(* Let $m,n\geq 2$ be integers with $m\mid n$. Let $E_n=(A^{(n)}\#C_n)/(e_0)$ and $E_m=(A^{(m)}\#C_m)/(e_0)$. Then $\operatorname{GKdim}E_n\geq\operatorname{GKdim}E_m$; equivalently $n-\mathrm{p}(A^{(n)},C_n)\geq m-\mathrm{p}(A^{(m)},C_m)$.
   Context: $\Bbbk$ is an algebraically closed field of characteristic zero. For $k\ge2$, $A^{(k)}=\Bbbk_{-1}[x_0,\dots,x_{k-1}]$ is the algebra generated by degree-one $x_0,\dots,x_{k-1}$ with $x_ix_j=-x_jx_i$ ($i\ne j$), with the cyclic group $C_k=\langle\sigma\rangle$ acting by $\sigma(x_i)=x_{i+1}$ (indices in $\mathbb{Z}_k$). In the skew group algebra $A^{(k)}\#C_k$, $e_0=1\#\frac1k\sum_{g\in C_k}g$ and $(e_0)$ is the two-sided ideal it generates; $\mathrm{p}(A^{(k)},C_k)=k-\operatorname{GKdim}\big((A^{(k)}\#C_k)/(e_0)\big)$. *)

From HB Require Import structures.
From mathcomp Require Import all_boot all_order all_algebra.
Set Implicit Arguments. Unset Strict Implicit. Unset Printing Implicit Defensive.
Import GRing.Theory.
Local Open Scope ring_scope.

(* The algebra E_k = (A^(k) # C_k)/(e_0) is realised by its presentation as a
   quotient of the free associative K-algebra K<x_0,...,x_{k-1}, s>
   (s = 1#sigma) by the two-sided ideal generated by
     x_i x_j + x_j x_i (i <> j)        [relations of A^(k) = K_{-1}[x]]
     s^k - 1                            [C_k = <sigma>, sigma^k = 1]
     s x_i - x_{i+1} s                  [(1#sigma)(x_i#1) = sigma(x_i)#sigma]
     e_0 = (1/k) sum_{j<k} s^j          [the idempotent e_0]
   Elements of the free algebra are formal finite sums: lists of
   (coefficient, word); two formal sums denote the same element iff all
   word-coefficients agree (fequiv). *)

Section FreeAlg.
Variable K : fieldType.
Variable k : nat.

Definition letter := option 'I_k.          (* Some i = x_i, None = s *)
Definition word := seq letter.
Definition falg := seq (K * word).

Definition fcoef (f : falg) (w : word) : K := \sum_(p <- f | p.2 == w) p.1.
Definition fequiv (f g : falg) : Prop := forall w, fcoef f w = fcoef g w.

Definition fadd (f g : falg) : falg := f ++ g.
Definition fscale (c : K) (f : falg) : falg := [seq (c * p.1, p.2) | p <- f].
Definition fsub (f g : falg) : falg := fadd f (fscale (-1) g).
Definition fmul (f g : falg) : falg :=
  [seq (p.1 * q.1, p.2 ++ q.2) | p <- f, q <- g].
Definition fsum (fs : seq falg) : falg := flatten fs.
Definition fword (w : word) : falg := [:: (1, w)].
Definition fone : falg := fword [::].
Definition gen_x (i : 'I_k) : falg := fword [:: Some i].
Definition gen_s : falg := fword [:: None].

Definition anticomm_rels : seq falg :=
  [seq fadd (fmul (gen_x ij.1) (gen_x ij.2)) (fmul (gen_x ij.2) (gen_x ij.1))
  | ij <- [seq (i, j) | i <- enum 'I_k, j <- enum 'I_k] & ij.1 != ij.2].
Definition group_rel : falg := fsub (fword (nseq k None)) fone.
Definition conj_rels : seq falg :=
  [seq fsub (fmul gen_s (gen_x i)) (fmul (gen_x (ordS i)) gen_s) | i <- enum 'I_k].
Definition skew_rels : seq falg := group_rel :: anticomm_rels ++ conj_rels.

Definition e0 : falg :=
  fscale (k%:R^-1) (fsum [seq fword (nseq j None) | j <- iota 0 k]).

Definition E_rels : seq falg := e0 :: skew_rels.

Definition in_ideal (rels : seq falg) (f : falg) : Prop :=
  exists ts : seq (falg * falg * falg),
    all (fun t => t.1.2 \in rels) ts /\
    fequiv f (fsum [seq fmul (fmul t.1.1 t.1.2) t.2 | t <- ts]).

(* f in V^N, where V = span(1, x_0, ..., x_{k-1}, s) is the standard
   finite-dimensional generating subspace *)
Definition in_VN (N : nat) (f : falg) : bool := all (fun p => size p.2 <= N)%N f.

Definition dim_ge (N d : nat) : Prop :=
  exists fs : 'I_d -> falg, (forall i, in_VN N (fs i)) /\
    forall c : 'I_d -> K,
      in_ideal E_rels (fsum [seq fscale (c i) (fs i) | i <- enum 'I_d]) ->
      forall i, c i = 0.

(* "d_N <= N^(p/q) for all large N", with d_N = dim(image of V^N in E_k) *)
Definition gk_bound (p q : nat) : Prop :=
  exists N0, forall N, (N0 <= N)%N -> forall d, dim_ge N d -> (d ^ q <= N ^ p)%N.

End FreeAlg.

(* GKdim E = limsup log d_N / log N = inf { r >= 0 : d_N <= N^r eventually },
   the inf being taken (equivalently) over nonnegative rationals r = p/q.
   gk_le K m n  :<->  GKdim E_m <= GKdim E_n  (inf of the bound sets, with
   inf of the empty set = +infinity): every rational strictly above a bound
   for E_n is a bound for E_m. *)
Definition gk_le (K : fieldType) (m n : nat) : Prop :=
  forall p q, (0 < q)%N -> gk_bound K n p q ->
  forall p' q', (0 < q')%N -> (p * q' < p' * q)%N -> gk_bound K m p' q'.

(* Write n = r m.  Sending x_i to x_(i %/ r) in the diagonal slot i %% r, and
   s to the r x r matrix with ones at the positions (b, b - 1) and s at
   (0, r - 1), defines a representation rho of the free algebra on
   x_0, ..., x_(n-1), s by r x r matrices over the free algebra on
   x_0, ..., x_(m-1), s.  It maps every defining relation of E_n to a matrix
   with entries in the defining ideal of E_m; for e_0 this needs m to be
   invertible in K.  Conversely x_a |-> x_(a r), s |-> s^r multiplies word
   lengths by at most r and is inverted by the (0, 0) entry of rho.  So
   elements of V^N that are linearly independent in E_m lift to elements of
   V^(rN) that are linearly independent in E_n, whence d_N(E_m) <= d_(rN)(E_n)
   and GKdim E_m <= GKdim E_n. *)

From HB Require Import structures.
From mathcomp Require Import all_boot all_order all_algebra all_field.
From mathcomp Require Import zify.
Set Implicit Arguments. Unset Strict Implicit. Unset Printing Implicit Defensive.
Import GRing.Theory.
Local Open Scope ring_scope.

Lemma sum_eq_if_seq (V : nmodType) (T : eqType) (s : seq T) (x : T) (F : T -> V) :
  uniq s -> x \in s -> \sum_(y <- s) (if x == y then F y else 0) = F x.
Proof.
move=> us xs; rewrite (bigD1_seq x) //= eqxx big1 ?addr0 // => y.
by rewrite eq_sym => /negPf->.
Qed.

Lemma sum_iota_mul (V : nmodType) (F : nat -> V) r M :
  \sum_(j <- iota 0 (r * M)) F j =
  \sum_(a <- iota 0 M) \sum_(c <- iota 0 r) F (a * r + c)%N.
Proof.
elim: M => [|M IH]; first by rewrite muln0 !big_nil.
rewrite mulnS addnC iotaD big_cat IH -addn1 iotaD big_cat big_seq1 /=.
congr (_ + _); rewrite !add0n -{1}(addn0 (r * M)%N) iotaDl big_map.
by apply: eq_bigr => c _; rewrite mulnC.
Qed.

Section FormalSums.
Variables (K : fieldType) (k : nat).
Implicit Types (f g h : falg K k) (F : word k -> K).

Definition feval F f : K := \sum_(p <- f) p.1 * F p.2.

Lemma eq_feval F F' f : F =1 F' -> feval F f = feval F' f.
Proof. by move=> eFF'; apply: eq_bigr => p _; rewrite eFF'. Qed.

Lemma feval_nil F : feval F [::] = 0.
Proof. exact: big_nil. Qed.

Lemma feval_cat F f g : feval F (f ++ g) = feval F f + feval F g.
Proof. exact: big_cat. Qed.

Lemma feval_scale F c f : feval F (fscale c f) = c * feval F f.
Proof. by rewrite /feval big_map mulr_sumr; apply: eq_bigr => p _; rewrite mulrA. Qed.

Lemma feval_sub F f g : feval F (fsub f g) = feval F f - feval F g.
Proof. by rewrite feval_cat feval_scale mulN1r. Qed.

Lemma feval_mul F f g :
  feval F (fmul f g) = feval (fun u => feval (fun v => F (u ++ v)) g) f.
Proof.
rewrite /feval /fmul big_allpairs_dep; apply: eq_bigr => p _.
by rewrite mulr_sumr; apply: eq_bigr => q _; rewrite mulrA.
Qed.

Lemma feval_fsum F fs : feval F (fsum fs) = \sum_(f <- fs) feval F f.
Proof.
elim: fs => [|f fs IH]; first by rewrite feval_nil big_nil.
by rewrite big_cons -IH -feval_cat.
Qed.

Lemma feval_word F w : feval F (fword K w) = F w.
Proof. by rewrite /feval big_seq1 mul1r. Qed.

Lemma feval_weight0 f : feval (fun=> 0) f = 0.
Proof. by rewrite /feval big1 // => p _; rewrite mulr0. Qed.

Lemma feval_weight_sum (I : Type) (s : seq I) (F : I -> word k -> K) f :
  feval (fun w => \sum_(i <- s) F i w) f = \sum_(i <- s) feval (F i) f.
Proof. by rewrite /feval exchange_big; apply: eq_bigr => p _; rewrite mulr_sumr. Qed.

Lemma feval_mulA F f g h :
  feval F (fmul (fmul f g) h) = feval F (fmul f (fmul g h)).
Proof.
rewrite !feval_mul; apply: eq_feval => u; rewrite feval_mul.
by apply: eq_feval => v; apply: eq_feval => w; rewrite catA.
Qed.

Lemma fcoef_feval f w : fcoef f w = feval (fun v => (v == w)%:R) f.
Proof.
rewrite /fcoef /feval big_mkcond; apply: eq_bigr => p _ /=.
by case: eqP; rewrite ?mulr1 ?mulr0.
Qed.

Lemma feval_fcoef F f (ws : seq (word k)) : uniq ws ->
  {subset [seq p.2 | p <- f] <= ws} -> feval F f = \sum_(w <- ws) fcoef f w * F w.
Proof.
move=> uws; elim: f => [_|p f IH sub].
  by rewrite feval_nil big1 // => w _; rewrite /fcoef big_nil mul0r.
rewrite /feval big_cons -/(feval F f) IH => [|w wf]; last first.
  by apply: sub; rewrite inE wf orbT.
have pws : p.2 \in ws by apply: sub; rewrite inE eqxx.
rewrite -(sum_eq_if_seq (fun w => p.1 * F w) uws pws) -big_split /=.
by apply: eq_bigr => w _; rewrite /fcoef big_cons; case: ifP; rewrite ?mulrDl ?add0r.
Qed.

▶ Action item:
What you return must be an exact retyping of the lines above starting at the line with "Definition word := seq letter." and ending at the line with "Definition fone : falg := fword [::].", and nothing besides.

▶ Solution to the problem:
Definition word := seq letter.
Definition falg := seq (K * word).

Definition fcoef (f : falg) (w : word) : K := \sum_(p <- f | p.2 == w) p.1.
Definition fequiv (f g : falg) : Prop := forall w, fcoef f w = fcoef g w.

Definition fadd (f g : falg) : falg := f ++ g.
Definition fscale (c : K) (f : falg) : falg := [seq (c * p.1, p.2) | p <- f].
Definition fsub (f g : falg) : falg := fadd f (fscale (-1) g).
Definition fmul (f g : falg) : falg :=
  [seq (p.1 * q.1, p.2 ++ q.2) | p <- f, q <- g].
Definition fsum (fs : seq falg) : falg := flatten fs.
Definition fword (w : word) : falg := [:: (1, w)].
Definition fone : falg := fword [::].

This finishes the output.